> **ABOUT THIS TASK**
Here are some records; copy every line that holds the word "mstay".

> **PROVIDED ENTRIES**
Lemma card_pnonimprovers_eq q : rejecting (lect q) ->
  #|pstudents n q :\: improvers| = #|pstudents m q :\: improvers|.
Proof.
move=> rej.
apply: (@leq_sum_eq _ (fun r => lect r == lect q) (fun r => #|pstudents n r :\: improvers|)
  (fun r => #|pstudents m r :\: improvers|)) => //.
  by move=> r /eqP lr; apply: card_pnonimprovers_le; rewrite lr.
rewrite -!card_lstudentsD.
have := lcap_of_rejecting rej; have := card_limprovers_eq (lect q).
have := cardsID improvers (lstudents m (lect q)); have := cardsID improvers (lstudents n (lect q)).
lia.
Qed.

Lemma improver_source t p : ~~ rejecting (lect p) -> better_off m n t -> n t = Some p ->
  exists2 s, better_off m n s & m s = Some p.
Proof.
move=> not_rej better_t nt.
have : 0 < #|pstudents m p :&: improvers|.
  by rewrite card_pimprovers_eq //; apply/card_gt0P; exists t; rewrite !inE nt eqxx.
by case/card_gt0P=> s; rewrite !inE => /andP[/eqP ms better]; exists s.
Qed.

Lemma decliner_source u q : rejecting (lect q) -> better_off n m u -> m u = Some q ->
  exists2 u', better_off n m u' & n u' = Some q.
Proof.
move=> rej better_u mu.
have [/existsP[u' /andP[/eqP nu' better']] | no_decliner] :=
  boolP [exists u', (n u' == Some q) && better_off n m u']; first by exists u'.
have stayers : pstudents n q :\: improvers \proper pstudents m q :\: improvers.
  apply/properP; split.
    apply/subsetP=> t; rewrite !inE => /andP[not_better nt].
    have not_better' : ~~ better_off n m t.
      by apply: contra no_decliner => better_t; apply/existsP; exists t; rewrite nt.
    by rewrite not_better (not_better_off_eq stable_m stable_n not_better not_better') nt.
  exists u; first by rewrite !inE mu eqxx andbT; apply: contraL better_u; apply: better_off_asym.
  by rewrite !inE -mu (negbTE (better_off_neq better_u)) andbF.
by have := proper_card stayers; rewrite card_pnonimprovers_eq // ltnn.
Qed.

(* Counting shows the improvers at [p] in [m] are exactly those leaving [p]. *)
Lemma not_rejecting_no_decliner s u p : ~~ rejecting (lect p) ->
  better_off m n s -> m s = Some p -> better_off n m u -> m u = Some p -> False.
Proof.
move=> not_rej better_s ms better_u mu.
have leaving := subset_leq_card (improvers_leave p).
have := card_leaving_le not_rej better_s ms; rewrite -card_pimprovers_eq // => arriving.
have eq_card : #|pstudents m p :&: improvers| = #|pstudents m p :\: pstudents n p|.
  by apply/eqP; rewrite eqn_leq leaving arriving.
have := elimT (subset_cardP eq_card) (improvers_leave p) u.
have nu : n u != Some p by rewrite -mu (better_off_neq better_u).
rewrite !inE mu eqxx nu /= => better_u'.
by move: better_u; rewrite (negbTE (better_off_asym better_u')).
Qed.

Lemma rejecting_no_improver_arrives u t q : rejecting (lect q) ->
  better_off n m u -> n u = Some q -> better_off m n t -> n t = Some q -> False.
Proof.
move=> rej better_u nu better_t nt.
have [mfull /setDidPl mstay] := decliner_project_full rej better_u nu.
have eq_card : #|pstudents n q :\: improvers| = #|pstudents n q|.
  apply/eqP; rewrite eqn_leq subset_leq_card ?subsetDl //=.
  by rewrite card_pnonimprovers_eq // mstay mfull stable_pcap.
have := elimT (subset_cardP eq_card) (subsetDl _ _) t.
by rewrite !inE nt eqxx better_t.
Qed.

Lemma decliner_excludes_improvers u s p : better_off n m u -> m u = Some p ->
  better_off m n s -> (m s == Some p) || (n s == Some p) -> False.
Proof.
move=> better_u mu better_s /orP[/eqP ms | /eqP ns];
  have [rej | not_rej] := boolP (rejecting (lect p)).
- have [u' better_u' nu'] := decliner_source rej better_u mu.
  exact: (better_off_crossing stable_m stable_n better_s ms better_u' nu').
- exact: not_rejecting_no_decliner not_rej better_s ms better_u mu.
- have [u' better_u' nu'] := decliner_source rej better_u mu.
  exact: rejecting_no_improver_arrives rej better_u' nu' better_s ns.
- have [s' better_s' ms'] := improver_source not_rej better_s ns.
  exact: not_rejecting_no_decliner not_rej better_s' ms' better_u mu.
Qed.

Lemma rejecting_excludes_nonimprover s l : rejecting l -> ~~ better_off m n s ->
  {in lstudents n l, forall t, rank l t < rank l s} -> s \notin lstudents m l.
Proof.
move=> rej not_better above; rewrite in_lstudents.
case ms: (m s) => [q|] //=; apply/negP=> /eqP[lq]; rewrite -lq in rej above.
have [better' | not_better'] := boolP (better_off n m s).
  have [u better_u nu] := decliner_source rej better' ms.
  have s_above := outranked_pstudents (better_off_outranked stable_n stable_m better_u nu).
  have := ltn_trans (s_above s _) (above u _).
  by rewrite ltnn in_pstudents in_lstudents ms nu !eqxx => /(_ isT isT).
have := above s; rewrite ltnn in_lstudents.
by rewrite -(not_better_off_eq stable_m stable_n not_better not_better') ms eqxx => /(_ isT).
Qed.

End Counting.

Section Join.
Variables (S P L : finType) (I : SPAS S P L) (m n : S -> option P).
Hypotheses (stable_m : stable_fun I m) (stable_n : stable_fun I n).
Local Notation lect := (offerer I).
Local Notation better_off := (better_off I).
Local Notation rank := (rank I).
Local Notation lstudents := (lstudents I).
Local Notation join := (join_fun I m n).
Local Notation hosts_improver := (hosts_improver I).
Local Notation improvers := (improvers I m n).

Lemma no_mixed_project p : hosts_improver m n p -> ~~ hosts_improver n m p.
Proof.
case/existsP=> s /andP[better_s s_p]; apply/existsP=> -[u /andP[better_u u_p]].
case/orP: u_p => [/eqP nu | /eqP mu]; last first.
  exact: (decliner_excludes_improvers stable_m stable_n better_u mu better_s s_p).
case/orP: s_p => [/eqP ms | /eqP ns].
  exact: (better_off_crossing stable_m stable_n better_s ms better_u nu).
apply: (decliner_excludes_improvers stable_n stable_m better_s ns better_u).
by rewrite nu eqxx.
Qed.

Lemma pstudents_joinr p :
  ~~ hosts_improver n m p -> pstudents join p = pstudents n p.
Proof.
by rewrite (eq_pstudents _ (join_funC stable_m stable_n)); apply: pstudents_join.
Qed.

Lemma card_pstudents_join_le p : #|pstudents join p| <= pcap I p.
Proof.
have [/no_mixed_project/pstudents_joinr -> | /pstudents_join ->] :=
  boolP (hosts_improver m n p); exact: stable_pcap.
Qed.

Lemma card_lstudents_join l : #|lstudents join l| = #|lstudents m l|.
Proof.
have improvers_n : lstudents join l :&: improvers = lstudents n l :&: improvers.
  by apply/setP=> s; rewrite !inE /join_fun; case: (better_off m n s); rewrite ?andbF.
have others_m : lstudents join l :\: improvers = lstudents m l :\: improvers.
  by apply/setP=> s; rewrite !inE /join_fun; case: (better_off m n s).
rewrite -(cardsID improvers (lstudents join l)) improvers_n others_m.
by rewrite -(card_limprovers_eq stable_m stable_n) cardsID.
Qed.

Lemma rank_join l s : {in lstudents m l, forall t, rank l t < rank l s} ->
  {in lstudents join l, forall t, rank l t < rank l s}.
Proof.
move=> above t; rewrite in_lstudents /join_fun.
case: ifP => [better | _]; last by rewrite -in_lstudents; apply: above.
case nt: (n t) => [q|] //= /eqP[lq]; rewrite -lq in above *.
have [rej | not_rej] := boolP (rejecting I m n (lect q)).
  have [s' [s'_m _ above']] := rejectingP stable_m stable_n rej.
  by apply: ltn_trans (above _ s'_m); apply: above'; rewrite in_lstudents nt.
have [s' better' ms'] := improver_source stable_m stable_n not_rej better nt.
have t_above := outranked_pstudents (better_off_outranked stable_m stable_n better' ms').
apply: ltn_trans (t_above t _) (above s' _); by rewrite ?in_pstudents ?in_lstudents ?ms' ?nt.
Qed.

End Join.

Section JoinStable.
Variables (S P L : finType) (I : SPAS S P L) (m n : S -> option P).
Hypotheses (stable_m : stable_fun I m) (stable_n : stable_fun I n).
Local Notation lect := (offerer I).
Local Notation better_off := (better_off I).
Local Notation rank := (rank I).
Local Notation lstudents := (lstudents I).
Local Notation join := (join_fun I m n).

Lemma card_lstudents_joinr l : #|lstudents join l| = #|lstudents n l|.
Proof.
by rewrite (eq_lstudents _ _ (join_funC stable_m stable_n)) card_lstudents_join.
Qed.

Lemma rank_joinr l s : {in lstudents n l, forall t, rank l t < rank l s} ->
  {in lstudents join l, forall t, rank l t < rank l s}.
Proof.
by rewrite (eq_lstudents _ _ (join_funC stable_m stable_n)); apply: rank_join.
Qed.

Lemma join_outranked_improver s s' p : ~~ better_off m n s ->
  hosts_improver I m n p -> better_off m n s' -> m s' = Some p ->
  rank (lect p) s' < rank (lect p) s -> outranked I join s p.
Proof.
move=> not_better host better' ms' below.
have pjoin := pstudents_joinr stable_m stable_n (no_mixed_project stable_m stable_n host).
have out' := better_off_outranked stable_m stable_n better' ms'.
have [nfull | under] := boolP (#|pstudents n p| == pcap I p).
  left; rewrite pjoin (eqP nfull); split=> // t /(outranked_pstudents out') t_above.
  exact: ltn_trans below.
have {}under : #|pstudents n p| < pcap I p by rewrite ltn_neqAle under stable_pcap.
have [lfull _ above'] := outranked_lfull out' under.
have above t : t \in lstudents n (lect p) -> rank (lect p) t < rank (lect p) s.
  by move/above'/ltn_trans; apply.
apply: outranked_of_lfull (card_pstudents_join_le stable_m stable_n p) _ _ (rank_joinr above).
  by rewrite card_lstudents_joinr.
have rej : rejecting I m n (lect p).
  by apply/existsP; exists s'; rewrite ms' better' eqxx under.
have := rejecting_excludes_nonimprover stable_m stable_n rej not_better above.
by rewrite !in_lstudents /join_fun (negbTE not_better).
Qed.

Lemma join_outranked_pfull s p : ~~ better_off m n s ->
  #|pstudents m p| = pcap I p ->
  {in pstudents m p, forall t, rank (lect p) t < rank (lect p) s} ->
  outranked I join s p.
Proof.
move=> not_better mfull above.
have [host | no_host] := boolP (hosts_improver I m n p); last first.
  by left; rewrite pstudents_join.
have [/existsP[s' /andP[better' /eqP ms']] | no_improver] :=
  boolP [exists s', better_off m n s' && (m s' == Some p)].
  by apply: (join_outranked_improver not_better host better' ms'); apply: above;
    rewrite in_pstudents ms'.
have no_decliner := no_mixed_project stable_m stable_n host.
have stay : pstudents m p \subset pstudents n p.
  apply/subsetP=> t; rewrite !in_pstudents => /eqP mt.
  have not_better_t : ~~ better_off m n t.
    by apply: contra no_improver => better_t; apply/existsP; exists t; rewrite better_t mt eqxx.
  have not_better_t' : ~~ better_off n m t.
    apply: contra no_decliner => better_t; apply/existsP; exists t.
    by rewrite better_t mt eqxx orbT.
  by rewrite -(not_better_off_eq stable_m stable_n not_better_t not_better_t') mt.
have eq_card : #|pstudents m p| = #|pstudents n p|.
  by apply/eqP; rewrite eqn_leq subset_leq_card //= mfull stable_pcap.
left; rewrite pstudents_joinr // -eq_card; split=> // t t_n; apply: above.
by rewrite (elimT (subset_cardP eq_card) stay t).
Qed.

Lemma join_outranked s p : ~~ better_off m n s -> acceptable I s p -> m s <> Some p ->
  sprefers_opt I s p (m s) -> outranked I join s p.
Proof.
move=> not_better acc ms pref.
have join_s : join s = m s by rewrite /join_fun (negbTE not_better).
case: (stable_outranked stable_m acc ms pref) => [[mfull above] | [_ lfull s_l above]].
  exact: join_outranked_pfull.
have := rank_join stable_m stable_n above.
apply: outranked_of_lfull (card_pstudents_join_le stable_m stable_n p) _ _.
  by rewrite card_lstudents_join.
by rewrite in_lstudents join_s -in_lstudents.
Qed.

End JoinStable.

Lemma join_fun_stable (S P L : finType) (I : SPAS S P L) (m n : S -> option P) :
  stable_fun I m -> stable_fun I n -> stable_fun I (join_fun I m n).
Proof.
move=> stable_m stable_n; split.
- move=> s p; rewrite /join_fun; case: ifP => _; exact: stable_acceptable.
- exact: card_pstudents_join_le.
- by move=> l; rewrite card_lstudents_join // stable_lcap.
- move=> s p; have [better | not_better] := boolP (better_off I m n s).
    have join_s : join_fun I m n s = n s by rewrite /join_fun better.
    rewrite join_s (eq_outranked _ _ _ (join_funC stable_m stable_n)).
    exact: join_outranked (better_off_asym better).
  have join_s : join_fun I m n s = m s by rewrite /join_fun (negbTE not_better).
  by rewrite join_s; apply: join_outranked.
Qed.

Section Matchings.
Variables (S P L : finType) (I : SPAS S P L).
Local Notation lect := (offerer I).
Local Notation rank := (rank I).
Implicit Types (M : {set S * P}) (s : S) (p : P) (l : L) (X : {set S}).

Section SingleValued.
Variables (M : {set S * P}).
Hypothesis single : forall s, #|[set p | (s, p) \in M]| <= 1.

Lemma mem_Ms s p : ((s, p) \in M) = (Ms M s == Some p).
Proof.
rewrite /Ms; case: pickP => [q sq | none]; last by rewrite none.
apply/idP/eqP=> [sp | [<-] //]; congr Some.
by apply: (card_le1_eqP (single s)); rewrite inE.
Qed.

Lemma Mp_pstudents p : Mp M p = pstudents (Ms M) p.
Proof. by apply/setP=> s; rewrite !inE mem_Ms. Qed.

Lemma Ml_lstudents l : Ml I M l = lstudents I (Ms M) l.
Proof.
apply/setP=> s; rewrite !inE; apply/existsP/eqP=> [[p /andP[]] | ].
  by rewrite mem_Ms => /eqP -> /eqP <-.
by case ms: (Ms M s) => [p|] //= [lp]; exists p; rewrite mem_Ms ms lp !eqxx.
Qed.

> **EXERCISE ANSWER**
have [mfull /setDidPl mstay] := decliner_project_full rej better_u nu.
  by rewrite card_pnonimprovers_eq // mstay mfull stable_pcap.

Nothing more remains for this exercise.